Furthermore, the firm said the much-needed RBZ authority to increase promotional spend in South Africa had been secured and this would help to support market penetration efforts to grow packed tea exports.
“Export earnings from macadamia nuts, avocadoes and coffee grew by 78% from US$4,5 million in prior year to US$8 million in the year ended 31 March 2020. As a percentage of total exports, these three crops contributed 43% up from 25% in the prior year. Contribution of the high value crops to the company’s export earnings is expected to rise to 60% by March 2022 as the bulk of them reach maturity. In volume terms, macadamia and avocado export sales grew by 129% and 39% respectively,” Moxon said.
To mitigate the inefficiencies caused by power shortages in the country, the company has embarked on a 7,5 megawatt (MW) solar project covering all estates and its Mutare factory.
Phases 1 to 3 of the project covering Ratelshoek, Tingamira and Jersey estates are already under implementation. Ratelshoek’s 1,8MW solar plant is expected to be completed by end of next month.
“Tingamira’s 1,6MW and Jersey’s 2MW plants are expected to be completed by December 2020. By end of December 2020 we will have implemented 72% of the project. This project is expected to result in an efficient and integrated power supply system that will give impetus to the growth and maturity of our high value crops and efficient crop processing,” Moxon said.
On its hospitality subsidiary, profit-after-tax from continuing operations increased to $184,7 million in the current year from $72,5 million in the previous year.
“The refurbishment of The Victoria Falls Hotel was due to commence in April 2020 but has been disrupted by the outbreak of the COVID-19 pandemic.

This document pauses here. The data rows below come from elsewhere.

Lemma count_le_predU1 (T : eqType) (p q : pred T) (u : T) (r : seq T) :
  uniq r -> (forall w, p w -> w = u \/ q w) -> (count p r <= (count q r).+1)%N.
Proof.
move=> r_uniq pq; apply: (@leq_trans (count (predU (pred1 u) q) r)).
  by apply: sub_count => w /pq[->|qw] /=; rewrite ?eqxx ?qw ?orbT.
have := count_predUI (pred1 u) q r; have := count_uniq_mem u r_uniq.
have := leq_b1 (u \in r); lia.
Qed.

Lemma count_lt_predD1 (T : eqType) (p q : pred T) (u : T) (r : seq T) :
  uniq r -> u \in r -> q u -> (forall w, p w -> q w /\ w != u) ->
  (count p r < count q r)%N.
Proof.
move=> r_uniq ur qu pq; rewrite !(permP (perm_to_rem ur)) /= qu.
have -> : p u = false by apply/negP => /pq[_]; rewrite eqxx.
by rewrite add0n add1n ltnS; apply: sub_count => w /pq[].
Qed.

Lemma twice_sum_down_le (N : nat -> nat) (up down : nat -> bool) :
  (N 0 <= 1)%N -> (forall t, 0 < N t)%N -> (forall t, ~~ (up t && down t)) ->
  (forall t, N t.+1 + down t <= N t + up t)%N ->
  forall T, (2 * \sum_(k < T) down k <= T)%N.
Proof.
move=> N0 N_gt0 up_down N_step T.
have balance : (N T + \sum_(k < T) down k <= 1 + \sum_(k < T) up k)%N.
  elim: T => [|T IH]; first by rewrite !big_ord0 !addn0.
  rewrite (sum_ord_recr (fun k => nat_of_bool (down k))).
  rewrite (sum_ord_recr (fun k => nat_of_bool (up k))).
  by have := N_step T; lia.
have up_down_le : (\sum_(k < T) down k + \sum_(k < T) up k <= T)%N.
  rewrite -big_split /= -[X in (_ <= X)%N]card_ord -sum1_card.
  by apply: leq_sum => k _; have := up_down k; case: (up k); case: (down k).
have := N_gt0 T; lia.
Qed.

Lemma sum_asbool_le_minn (P : nat -> Prop) (N : nat) :
  (forall k, (N <= k)%N -> ~ P k) ->
  forall T, (\sum_(k < T) (`[< P k >] : nat) <= minn T N)%N.
Proof.
move=> notP; elim=> [|T IH]; first by rewrite big_ord0.
rewrite (sum_ord_recr (fun k => nat_of_bool `[< P k >])); have [TN|NT] := ltnP T N.
  by have := leq_b1 `[< P T >]; lia.
by rewrite asboolF ?addn0 ?(leq_trans IH) //; [lia | exact: notP].
Qed.

End Counting.

Section RealSequences.
Variable R : realType.

Lemma infinitely_often_of_density (P : nat -> Prop) (K : R) :
  (forall t, (t.+1)%:R / 2 - K <= (\sum_(k < t.+1) (`[< P k >] : nat))%:R) ->
  forall N, exists2 t, (N <= t)%N & P t.
Proof.
move=> density N; apply: contrapT => noP.
have notP k : (N <= k)%N -> ~ P k by move=> Nk Pk; apply: noP; exists k.
pose m := `|Num.ceil K|%N; pose t := (2 * (N + m)).+1.
have K_le_m : K <= m%:R by rewrite natr_absz intr_norm (le_trans (ceil_ge K)) ?ler_norm.
have sum_le : ((\sum_(k < t.+1) (`[< P k >] : nat))%:R <= N%:R :> R).
  by rewrite ler_nat (leq_trans (sum_asbool_le_minn notP _)) ?geq_minr.
have := density t; have -> : (t.+1%:R / 2 : R) = N%:R + m%:R + 1.
  by rewrite /t -addn2 natrD natrM !natrD; field.
lra.
Qed.

Lemma prod_ge_lim (rr : nat -> R) (r : R) :
  (forall t, 0 <= rr t <= 1) -> (fun t => \prod_(k < t) rr k) @ \oo --> r ->
  forall T, r <= \prod_(k < T) rr k.
Proof.
move=> rr01 prod_cvg T.
have prod_nincr : nonincreasing_seq (fun t => \prod_(k < t) rr k).
  apply/nonincreasing_seqP => k; rewrite big_ord_recr /=.
  have /andP[rk0 rk1] := rr01 k.
  by rewrite ler_piMr // prodr_ge0 // => i _; have /andP[] := rr01 i.
by rewrite -(cvg_lim _ prod_cvg) //; exact: nonincreasing_cvgn_ge (cvgP _ prod_cvg) T.
Qed.

Lemma Iset_growth (a rho : nat -> R) (eta : R) :
  1 <= eta -> (forall t, 0 <= rho t <= 1) -> (forall t, 0 <= a t) ->
  (forall t, rho t * a t <= a t.+1) ->
  forall T, eta ^+ (\sum_(k < T) (~~ `[< Iset eta a k >] : nat)) * \prod_(k < T) rho k * a 0%N
            <= a T.
Proof.
move=> eta_ge1 rho01 a_ge0 a_step.
have eta_ge0 : 0 <= eta := le_trans ler01 eta_ge1.
elim=> [|T IH]; first by rewrite !big_ord0 expr0 !mul1r.
have /andP[rho_ge0 rho_le1] := rho01 T.
set jump := (~~ `[< Iset eta a T >] : nat).
have a_stepT : eta ^+ jump * rho T * a T <= a T.+1.
  rewrite /jump; have [_|notI] := asboolP (Iset eta a T); first by rewrite expr0 mul1r.
  have jumpT : eta * a T < a T.+1 by rewrite ltNge; apply/negP.
  by apply: le_trans (ltW jumpT); rewrite expr1 -mulrA ler_wpM2l // ler_piMl.
apply: le_trans a_stepT.
rewrite (sum_ord_recr (fun k => nat_of_bool (~~ `[< Iset eta a k >]))) -/jump big_ord_recr /=.
set S := \sum_(k < T) _ in IH *; set P := \prod_(k < T) _ in IH *.
have -> : eta ^+ (S + jump) * (P * rho T) * a 0%N = eta ^+ jump * rho T * (eta ^+ S * P * a 0%N).
  by rewrite exprD; ring.
by rewrite ler_wpM2l // mulr_ge0 // exprn_ge0.
Qed.

Lemma natr_le_floor_log (eta c : R) (m : nat) :
  1 < eta -> eta ^+ m <= c -> (m%:R : R) <= (Num.floor (ln c / ln eta))%:~R.
Proof.
move=> eta_gt1 pow_le.
have eta_gt0 : 0 < eta by exact: lt_trans ltr01 eta_gt1.
have pow_gt0 : 0 < eta ^+ m by rewrite exprn_gt0.
have c_gt0 : 0 < c by exact: lt_le_trans pow_le.
suff m_le : (m%:Z <= Num.floor (ln c / ln eta))%R by rewrite -(ler_int R) -pmulrn in m_le.
by rewrite floor_ge_int -pmulrn ler_pdivlMr ?ln_gt0 // mulr_natl -lnXn // ler_ln ?posrE.
Qed.

End RealSequences.

Section IndicatorSums.
Variables (R : realType) (T : eqType).

Lemma sum_if_eq (V : nmodType) (r : seq T) (u : T) (F : T -> V) :
  uniq r -> u \in r -> \sum_(w <- r) (if w == u then F w else 0) = F u.
Proof. by move=> r_uniq ur; rewrite -big_mkcond -big_filter filter_pred1_uniq // big_seq1. Qed.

The hotel closed in March 2020 when international travel and tourism stopped as countries implemented travel restrictions and lockdowns to contain the spread of the coronavirus,” Moxon
In addition, the company said plans to renovate and upgrade the group’s property portfolio were at an advanced stage and the roll out was anticipated to commence during the second half of the forthcoming financial year.
He added that several tenants had expressed interest to lease the properties which were left vacant following the closure of the group’s departmental stores.
The security services segment, Meikles Guard Services fared well during the financial year and was not disrupted by loss of contract when the departmental stores closed. The segment secured additional contracts from third parties during the year.
“The group did not anticipate the advent of COVID-19. The impact of the virus has affected the latter part of the financial year under review. It is apparent that the continued impact of the virus will affect the world and Zimbabwe for an unpredictable period into the group’s new financial year,” Moxon said.